▶ _Goal of the exercise_: For every line in the data below that contains "randomization", copy the line.

▶ _Dataset records_:
(* Assume complete randomization, let $\mathcal Q_{\mathrm U}=\{q:N_q=1\}$ with $N_{\mathrm U}=|\mathcal Q_{\mathrm U}|$, and let $\{\langle g\rangle\}_{g=1}^G$ be a grouping of $\mathcal Q_{\mathrm U}$. Assume Conditions 3 and 6. Let $(w_q)_{q\in\mathcal Q_{\mathrm U}}$ be reals with $\max_q|w_q|\le\overline w$ and $\hat v=\sum_{g=1}^G\sum_{q\in\langle g\rangle}w_q(Y_q-\hat Y_{\langle g\rangle})^2$. There is a universal constant $C>0$ such that for all $t>0$, $$\mathbb P\{|\hat v-\mathbb E\hat v|\ge t\}\le\frac{C\overline w^2(\Delta^4+\Delta^2\zeta^2)N_{\mathrm U}}{t^2}.$$
   Context: Randomization model: $N$ units, $Q$ treatment levels, group sizes $N_1,\dots,N_Q\ge1$ with $\sum_qN_q=N$; unit $i$ has fixed real potential outcomes $Y_i(q)$. Under complete randomization $Z$ is uniform over all vectors in $[Q]^N$ with exactly $N_q$ coordinates equal to $q$; $Y_i=Y_i(Z_i)$. For $q$ with $N_q=1$, $Y_q$ denotes the observed outcome of the unit assigned to $q$. $\overline Y(q)=N^{-1}\sum_iY_i(q)$. Grouping: a fixed (data-independent) partition $\mathcal Q_{\mathrm U}=\bigcup_{g=1}^G\langle g\rangle$ into disjoint groups with $|\langle g\rangle|\ge2$; $\hat Y_{\langle g\rangle}=|\langle g\rangle|^{-1}\sum_{q\in\langle g\rangle}Y_q$, $\overline Y_{\langle g\rangle}=|\langle g\rangle|^{-1}\sum_{q\in\langle g\rangle}\overline Y(q)$. Condition 3: $\max_qN^{-1}\sum_i\{Y_i(q)-\overline Y(q)\}^4\le\Delta^4$. Condition 6: $\max_g\max_{q\in\langle g\rangle}|\overline Y(q)-\overline Y_{\langle g\rangle}|\le\zeta$. *)

From HB Require Import structures.
From mathcomp Require Import all_boot all_order all_algebra.
From mathcomp Require Import Rstruct.
Set Implicit Arguments. Unset Strict Implicit. Unset Printing Implicit Defensive.
Import Order.TTheory GRing.Theory Num.Theory.
Local Open Scope ring_scope.

Notation R := Rdefinitions.R.

Section Defs.
Variables (n Q : nat).

Definition assignment := {ffun 'I_n -> 'I_Q}.

Definition CR_support (Nq : 'I_Q -> nat) : {set assignment} :=
  [set z : assignment | [forall q : 'I_Q, #|[set i | z i == q]| == Nq q]].

Definition Prob (Om : {set assignment}) (E : pred assignment) : R :=
  #|[set z in Om | E z]|%:R / #|Om|%:R.
Definition Expect (Om : {set assignment}) (f : assignment -> R) : R :=
  (\sum_(z in Om) f z) / #|Om|%:R.

(* potential outcomes Y i q = Y_i(q) *)
Definition Ybar (Y : 'I_n -> 'I_Q -> R) (q : 'I_Q) : R :=
  (n%:R)^-1 * \sum_(i < n) Y i q.

Definition QU (Nq : 'I_Q -> nat) : {set 'I_Q} := [set q | Nq q == 1%N].

(* observed outcome of the (unique, when N_q = 1) unit assigned to q *)
Definition Yobs (Y : 'I_n -> 'I_Q -> R) (z : assignment) (q : 'I_Q) : R :=
  \sum_(i < n | z i == q) Y i q.

Definition Yhat_grp (Y : 'I_n -> 'I_Q -> R) (B : {set 'I_Q}) (z : assignment) : R :=
  (#|B|%:R)^-1 * \sum_(q in B) Yobs Y z q.

Definition Ybar_grp (Y : 'I_n -> 'I_Q -> R) (B : {set 'I_Q}) : R :=
  (#|B|%:R)^-1 * \sum_(q in B) Ybar Y q.

Definition vhat (P : {set {set 'I_Q}}) (w : 'I_Q -> R) (Y : 'I_n -> 'I_Q -> R)
  (z : assignment) : R :=
  \sum_(B in P) \sum_(q in B) w q * (Yobs Y z q - Yhat_grp Y B z) ^+ 2.

End Defs.
Arguments CR_support {n Q} Nq.
Arguments Prob {n Q} Om E.
Arguments Expect {n Q} Om f.
Arguments Ybar {n Q} Y q.
Arguments QU {Q} Nq.
Arguments Yobs {n Q} Y z q.
Arguments Yhat_grp {n Q} Y B z.
Arguments Ybar_grp {n Q} Y B.
Arguments vhat {n Q} P w Y z.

▶ _Answer below_:
(* Assume complete randomization, let $\mathcal Q_{\mathrm U}=\{q:N_q=1\}$ with $N_{\mathrm U}=|\mathcal Q_{\mathrm U}|$, and let $\{\langle g\rangle\}_{g=1}^G$ be a grouping of $\mathcal Q_{\mathrm U}$. Assume Conditions 3 and 6. Let $(w_q)_{q\in\mathcal Q_{\mathrm U}}$ be reals with $\max_q|w_q|\le\overline w$ and $\hat v=\sum_{g=1}^G\sum_{q\in\langle g\rangle}w_q(Y_q-\hat Y_{\langle g\rangle})^2$. There is a universal constant $C>0$ such that for all $t>0$, $$\mathbb P\{|\hat v-\mathbb E\hat v|\ge t\}\le\frac{C\overline w^2(\Delta^4+\Delta^2\zeta^2)N_{\mathrm U}}{t^2}.$$
   Context: Randomization model: $N$ units, $Q$ treatment levels, group sizes $N_1,\dots,N_Q\ge1$ with $\sum_qN_q=N$; unit $i$ has fixed real potential outcomes $Y_i(q)$. Under complete randomization $Z$ is uniform over all vectors in $[Q]^N$ with exactly $N_q$ coordinates equal to $q$; $Y_i=Y_i(Z_i)$. For $q$ with $N_q=1$, $Y_q$ denotes the observed outcome of the unit assigned to $q$. $\overline Y(q)=N^{-1}\sum_iY_i(q)$. Grouping: a fixed (data-independent) partition $\mathcal Q_{\mathrm U}=\bigcup_{g=1}^G\langle g\rangle$ into disjoint groups with $|\langle g\rangle|\ge2$; $\hat Y_{\langle g\rangle}=|\langle g\rangle|^{-1}\sum_{q\in\langle g\rangle}Y_q$, $\overline Y_{\langle g\rangle}=|\langle g\rangle|^{-1}\sum_{q\in\langle g\rangle}\overline Y(q)$. Condition 3: $\max_qN^{-1}\sum_i\{Y_i(q)-\overline Y(q)\}^4\le\Delta^4$. Condition 6: $\max_g\max_{q\in\langle g\rangle}|\overline Y(q)-\overline Y_{\langle g\rangle}|\le\zeta$. *)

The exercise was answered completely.